Astronomers have, for years, been peering at Barnard's star, one of closest star systems to Earth, looking for signs of an orbiting exoplanet.

However, for years, the search has come up empty. There have been hints of a possible hidden world here and there, but nothing was considered conclusive.

Until now. In a study published in the journal Nature, a team of researchers presented proof of an icy planet about three times the size of Earth.

Barnard's Star's Icy Wonderland

Barnard's star, because of proximity to Earth, is one of the most studied areas within the Milky Way Galaxy. It is a red dwarf located in the constellation called Ophiuchus, just below the Summer Triangle. It is only about six light-years away from Earth.

However, it took more than two decades of observation before someone found definitive evidence that an exoplanet is in orbit around Barnard's star. In a recent investigation led by Ignasi Ribas of the Institute of Space Sciences in Spain, the team used new and archival data sourced from seven instruments across the world. The data included Barnard's star's radial velocity and relative speed toward and away from Earth.

After looking at 20 years' worth of data, the team detected a planet that circles the star every 233 days, a mass at least 3.2 times that of Earth, and an orbital distance similar to that of Mercury to the Sun. Dubbed Barnard's star b, the exoplanet is situated close to its star system's snow line, which suggests that water exists in its frozen form.

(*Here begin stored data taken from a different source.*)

Lemma child_of_edge_unique (a b c e x : nat) : In (a, b) E -> In (c, e) E -> (a, b) <> (c, e) ->
  child_of_edge x a b -> ~ child_of_edge x c e.
Proof.
  intros H1 H2 Hne C1 C2.
  assert (Hentry : forall v a b, (v < n)%nat -> v <> 0%nat -> entry v = (a, b) ->
    child_of_edge x a b -> x = v).
  { intros v a0 b0 Hv Hv0 Ev C. pose proof (grandparent_neq v Hv Hv0).
    destruct (entry_cases v) as [X|X]; rewrite X in Ev; inversion Ev;
      destruct C as [[P Q]|[P Q]]; congruence. }
  destruct (edge_is_entry _ _ H1) as [v1 [Hv1 [Hv10 E1]]].
  destruct (edge_is_entry _ _ H2) as [v2 [Hv2 [Hv20 E2]]].
  apply Hne. rewrite <- E1, <- E2.
  rewrite <- (Hentry v1 a b), <- (Hentry v2 c e); auto.
Qed.

Definition in_subtree (c a : nat) : Prop :=
  exists t, (t <= depth a)%nat /\ Nat.iter t parent a = c.

Definition via_child (v c a : nat) : Prop :=
  (c < n)%nat /\ c <> 0%nat /\ parent c = v /\ in_subtree c a.

Lemma ancestor_props (t a : nat) : (a < n)%nat -> (t <= depth a)%nat ->
  (Nat.iter t parent a < n)%nat /\ depth (Nat.iter t parent a) = (depth a - t)%nat.
Proof.
  induction t as [|t IH]; intros Ha Ht; simpl; [split; [auto|lia]|].
  destruct (IH Ha ltac:(lia)) as [Hn Hd].
  assert (Hz : Nat.iter t parent a <> 0%nat) by (intro Z; rewrite Z, depth_root in Hd; lia).
  destruct (parent_spec _ Hn Hz) as [Hpn [_ Hpd]]. split; [auto|lia].
Qed.

Lemma in_subtree_refl (a : nat) : in_subtree a a.
Proof. exists 0%nat. split; [lia|reflexivity]. Qed.

Lemma in_subtree_parent (c a : nat) : (a < n)%nat -> a <> 0%nat ->
  in_subtree c (parent a) -> in_subtree c a.
Proof.
  intros Ha Ha0 [t [Ht Hi]]. destruct (parent_spec a Ha Ha0) as [_ [_ Hd]].
  exists (S t). split; [lia|]. rewrite Nat.iter_succ_r. exact Hi.
Qed.
(* The integrand is the [a]-derivative of [h1 (a, b) * potential a b], which vanishes
   at [a = - c] and [a = c]. *)
Lemma is_RInt_d1_h1_potential (b : R) :
  is_RInt (fun a => d1 h1 (a, b) * potential a b + h1 (a, b) * h1 (a, b)) (- c) c 0.
Proof.
  assert (Cont : forall a,
             continuous (fun a => d1 h1 (a, b) * potential a b + h1 (a, b) * h1 (a, b)) a).
  { intro a.
    apply (continuous_plus (fun a => d1 h1 (a, b) * potential a b)
                           (fun a => h1 (a, b) * h1 (a, b))).
    - apply (continuous_mult (fun a => d1 h1 (a, b)) (fun a => potential a b));
        [apply continuous_section1, C1_continuous_d1, C1h1 | apply potential_continuous1].
    - apply (continuous_mult (fun a => h1 (a, b)) (fun a => h1 (a, b)));
        apply continuous_section1, C1_continuous, C1h1. }
  pose proof (is_RInt_derive (fun a => h1 (a, b) * potential a b)
                (fun a => d1 h1 (a, b) * potential a b + h1 (a, b) * h1 (a, b)) (- c) c
                (fun a _ => Derive.is_derive_mult _ _ a _ _
                              (C1_is_derive1 h1 C1h1 a b) (potential_is_derive1 a b))
                (fun a _ => Cont a)) as I.
  cbv beta in I.
  rewrite (proj1 (vanishes_on_square_sides c b ltac:(tauto))),
          (proj1 (vanishes_on_square_sides (- c) b ltac:(tauto))) in I.
  replace 0 with (minus (0 * potential c b) (0 * potential (- c) b))
    by (unfold minus, plus, opp; simpl; ring).
  exact I.
Qed.

(* Differentiate under the integral, use [d2 h2 = - d1 h1] and subtract
   [is_RInt_d1_h1_potential]. *)
Lemma flux_is_derive (b : R) : is_derive flux b (energy b).
Proof.
  assert (DE : forall a z, is_derive (fun z => h2 (a, z) * potential a z) z
                             (d2 h2 (a, z) * potential a z + h2 (a, z) * h2 (a, z))).
  { intros a z. apply Derive.is_derive_mult;
      [apply (C1_is_derive2 h2 C1h2) | apply potential_is_derive2]. }
  replace (energy b)
    with (RInt (fun a => Derive (fun z => h2 (a, z) * potential a z) b) (- c) c).
  - apply (is_derive_RInt_param (fun z a => h2 (a, z) * potential a z) (- c) c b).
    + apply filter_forall; intros z a _. eexists; apply DE.
    + intros a _.
      apply continuity_2d_pt_ext
        with (f := fun z a => d2 h2 (a, z) * potential a z + h2 (a, z) * h2 (a, z)).
      { intros; symmetry; apply is_derive_unique, DE. }
      apply continuity_2d_pt_plus; apply continuity_2d_pt_mult;
        try apply continuity_2d_pt_swapped;
        auto using C1_continuous, C1_continuous_d2.
      apply (continuity_2d_pt_swap potential), potential_continuous.
    + apply filter_forall; intro z. apply (@ex_RInt_continuous R_CompleteNormedModule).
      intros a _. apply (continuous_mult (fun a => h2 (a, z)) (fun a => potential a z));
        [apply continuous_section1, C1_continuous, C1h2 | apply potential_continuous1].
  - apply is_RInt_unique.
    pose proof (is_RInt_minus _ _ _ _ _ _
                  (RInt_correct _ _ _ (ex_RInt_energy_density b (- c) c))
                  (is_RInt_d1_h1_potential b)) as I.
    replace (energy b) with (minus (RInt (energy_density b) (- c) c) 0)
      by (unfold minus, plus, opp, energy; simpl; ring).
    eapply is_RInt_ext; [| exact I].
    intros a _. symmetry. etransitivity; [apply is_derive_unique, DE |].
    pose proof (Hdiv (a, b)) as D. unfold divf in D.
    unfold energy_density, minus, plus, opp; simpl.
    replace (d2 h2 (a, b)) with (- d1 h1 (a, b)) by lra. ring.
Qed.

Lemma flux_square_sides (b : R) : b = c \/ b = - c -> flux b = 0.
Proof.
  intro Hb. unfold flux. rewrite (RInt_ext _ (fun _ => 0)).
  - rewrite RInt_const. apply Rmult_0_r.
  - intros a _. rewrite (proj2 (vanishes_on_square_sides a b ltac:(tauto))). apply Rmult_0_l.
Qed.

Lemma energy_zero (b : R) : - c < b < c -> energy b = 0.
Proof.
  apply (nonneg_derive_zero_ends flux energy (- c) c flux_is_derive);
    [| apply flux_square_sides; tauto ..].
  intros b' _. apply RInt_ge_0.
  - unfold c; pose proof (Rabs_pos r); lra.
  - apply ex_RInt_energy_density.
  - intros a _. unfold energy_density. nra.
Qed.

Lemma div_curl_free_vanishes x : h1 x = 0 /\ h2 x = 0.
Proof.
  destruct x as [a b].
  destruct (Rlt_dec (Rabs a) c) as [Ha | Ha]; [destruct (Rlt_dec (Rabs b) c) as [Hb | Hb] |];
    [| apply vanishes_off_square; lra ..].
  apply Rabs_lt_between in Ha. apply Rabs_lt_between in Hb.
  assert (Z : energy_density b a = 0).
  { apply (nonneg_derive_zero_ends (fun s => RInt (energy_density b) (- c) s)
                                   (energy_density b) (- c) c); [| | | apply energy_zero | ]; auto.
    - intro s. apply (is_derive_RInt _ _ (- c)); [| apply energy_density_continuous].
      apply filter_forall. intros. apply (@RInt_correct R_CompleteNormedModule).
      apply ex_RInt_energy_density.
    - intros s _. unfold energy_density. nra.
    - exact (RInt_point (V := R_CompleteNormedModule) _ _). }
  unfold energy_density in Z. split; nra.
Qed.

End Div_curl_free.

The team used the method called radial velocity, which uses the Doppler shifts of a star's light to measure the tug of a nearby planet. This is the first time that astronomers used radial velocity to detect an exoplanet of this size and this far away from its host star.

Lone Planet

Ribas and colleagues reported that Barnard's star b might be alone in the area. The team ruled out the possibility of another exoplanet orbiting within the star's habitable zone — a region in which there might be liquid water where life could thrive.

Follow-up observations of the newly discovered exoplanet are currently underway.